Apache Kafka: Distributed Event Streaming

Apache Kafka: Distributed Event Streaming

Kafka is designed to handle trillions of events a day. It is an immutable, distributed, partitioned, and replicated commit log service.

🏗️ Core Architecture

Broker: A Kafka server that stores data.
Topic: A category or feed name where records are stored.
Partition: Topics are divided into partitions for scalability and parallelism.
Segment: The actual file on disk where data is written.

🛠️ How it Works

Producers send records to topics.
Kafka appends the record to the end of a partition.
Consumers read records from partitions and track their own Offset (position).

📉 Consumer Groups

Kafka allows multiple consumers to read from the same topic by grouping them.

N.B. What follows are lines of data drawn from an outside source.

(* Consider $CP(N)$ with rates $\psi(i,j)=2ij$ started from $(N,0,\dots,0)$, and let $n_{k,N}(t)$ be the number of clusters of size $k$ at time $t$. Then for every fixed $t>0$ and fixed $k,l$ with $k\neq l$, as $N\to\infty$: $\mathbb E\,n_{k,N}(t)\to0$, $\operatorname{Var} n_{k,N}(t)\to0$ and $\operatorname{cov}(n_{k,N}(t),n_{l,N}(t))\to0$; while $\mathbb E\,n_{N,N}(t)\to1$, so the probability $p_{coag,N}(t)$ of a single cluster of size $N$ at time $t$ tends to $1$ as $N\to\infty$.
   Context: $CP(N)$ is the continuous-time Markov chain on partitions $\eta=(n_1,\dots,n_N)$ of $N$ ($n_k$ = number of clusters of size $k$, $\sum kn_k=N$) in which any two distinct clusters of sizes $i,j$ merge into one of size $i+j$ at rate $\psi(i,j)$; the transition $\eta\to\eta^{(i,j)}$ has rate $n_in_j\psi(i,j)$ for $i\ne j$ and $\frac{n_i(n_i-1)}2\psi(i,i)$ for $i=j$. *)

From Stdlib Require Import Reals List Arith.
Import ListNotations.
Open Scope R_scope.

(* A state eta of CP(N) (a partition of N) is represented as the
   non-increasing list of its cluster sizes; n_k(eta) = number of
   occurrences of k in the list. *)

Fixpoint parts_aux (fuel m n : nat) : list (list nat) :=
  match fuel with
  | O => match n with O => [[]] | _ => [] end
  | S f =>
      match n with
      | O => [[]]
      | _ => flat_map (fun k => map (cons k) (parts_aux f k (n - k)))
                      (seq 1 (Nat.min m n))
      end
  end.

Definition parts (N : nat) : list (list nat) := parts_aux N N N.

Definition ncl (k : nat) (eta : list nat) : nat := count_occ Nat.eq_dec eta k.

Fixpoint remove_one (x : nat) (l : list nat) : list nat :=
  match l with
  | [] => []
  | y :: l' => if Nat.eqb x y then l' else y :: remove_one x l'
  end.

Fixpoint insert_desc (x : nat) (l : list nat) : list nat :=
  match l with
  | [] => [x]
  | y :: l' => if Nat.leb y x then x :: l else y :: insert_desc x l'
  end.

Definition merge (eta : list nat) (i j : nat) : list nat :=
  insert_desc (i + j) (remove_one j (remove_one i eta)).

(* Rate of eta -> eta^{(i,j)} (for i <= j), with kernel psi. *)
Definition rate (psi : nat -> nat -> R) (eta : list nat) (i j : nat) : R :=
  if Nat.eq_dec i j
  then INR (ncl i eta) * (INR (ncl i eta) - 1) / 2 * psi i i
  else INR (ncl i eta) * INR (ncl j eta) * psi i j.

Definition sumR {A : Type} (l : list A) (f : A -> R) : R :=
  fold_right (fun x acc => f x + acc) 0 l.

Definition sum_pairs (N : nat) (f : nat -> nat -> R) : R :=
  sumR (seq 1 N) (fun i => sumR (seq i (S N - i)) (fun j => f i j)).

Definition list_eqb (a b : list nat) : bool :=
  if list_eq_dec Nat.eq_dec a b then true else false.

Definition forward_rhs (psi : nat -> nat -> R) (N : nat)
    (p : list nat -> R) (eta' : list nat) : R :=
  sumR (parts N) (fun eta =>
    sum_pairs N (fun i j =>
      if list_eqb (merge eta i j) eta' then p eta * rate psi eta i j else 0))
  - p eta' * sum_pairs N (fun i j => rate psi eta' i j).

(* p : R -> list nat -> R is the law at time t of CP(N) with kernel psi
   started at eta0: it solves the Kolmogorov forward equations on the
   (finite) state space parts N, with initial law delta_{eta0}.
   (This linear ODE has a unique solution, exp(tQ).) *)
Definition is_CP_law (psi : nat -> nat -> R) (N : nat) (eta0 : list nat)
    (p : R -> list nat -> R) : Prop :=
  (forall eta, In eta (parts N) -> p 0 eta = if list_eqb eta eta0 then 1 else 0) /\
  (forall eta t, In eta (parts N) ->
     derivable_pt_lim (fun s => p s eta) t (forward_rhs psi N (p t) eta)).

(* Initial state (N,0,...,0): N clusters of size 1. *)
Definition monomers (N : nat) : list nat := repeat 1%nat N.

Definition Ex (N : nat) (p : R -> list nat -> R) (t : R) (f : list nat -> R) : R :=
  sumR (parts N) (fun eta => p t eta * f eta).

Definition Var (N : nat) (p : R -> list nat -> R) (t : R) (f : list nat -> R) : R :=
  Ex N p t (fun eta => f eta * f eta) - Ex N p t f * Ex N p t f.

Definition Cov (N : nat) (p : R -> list nat -> R) (t : R) (f g : list nat -> R) : R :=
  Ex N p t (fun eta => f eta * g eta) - Ex N p t f * Ex N p t g.

Definition nk (k : nat) : list nat -> R := fun eta => INR (ncl k eta).

Definition psi_mult (i j : nat) : R := 2 * INR i * INR j.

From Stdlib Require Import Reals List Arith Lia Lra.
Import ListNotations.

(* Under psi(i,j) = 2ij the total jump rate out of a partition with m clusters is
   (sum of sizes)^2 - (sum of squared sizes) >= N (m - 1), and every jump lowers m by one.
   Hence d/dt E(m - 1) = - E(total rate) <= - N E(m - 1), so E(m - 1) <= (N - 1) e^{-Nt}.
   For k <> N one has n_k <= 2 (m - 1) and n_k n_l <= 2 N (m - 1), while n_N is the
   indicator of the one-cluster state and is at least 1 - (m - 1); so every moment in the
   statement is within O(N^2 e^{-Nt}) of its limit. *)

Fixpoint desc_le (m : nat) (l : list nat) : Prop :=
  match l with
  | [] => True
  | x :: l' => (1 <= x <= m)%nat /\ desc_le x l'
  end.

Lemma desc_le_weaken m m' l : (m <= m')%nat -> desc_le m l -> desc_le m' l.
Proof. destruct l; simpl; intuition lia. Qed.

Lemma desc_le_In m l x : desc_le m l -> In x l -> (1 <= x <= m)%nat.
Proof.
  revert m; induction l as [|y l IH]; [contradiction|].
  intros m [Hy Hl] [<-|Hx]; [auto|]. specialize (IH _ Hl Hx); lia.
Qed.

Lemma desc_le_length m l : desc_le m l -> (length l <= list_sum l)%nat.
Proof.
  revert m; induction l as [|x l IH]; simpl; intros m Hm; [lia|].
  destruct Hm as [Hx Hl]; specialize (IH _ Hl); lia.
Qed.

Lemma desc_le_sum0 m l : desc_le m l -> list_sum l = 0%nat -> l = [].
Proof. destruct l; simpl; intuition lia. Qed.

Each consumer in a group reads from a unique set of partitions.
If a consumer fails, its partitions are reassigned to other members (Rebalancing).

📊 Key Guarantees

Ordering: Kafka guarantees the order of messages within a partition.
Persistence: Messages are written to disk and replicated.
Replayability: Consumers can reset their offset to re-process old data.

💡 Best Use Cases

Event Sourcing: Store the history of state changes.
Log Aggregation: Collect logs from hundreds of services.
Stream Processing: Real-time data transformation with Kafka Streams or Flink.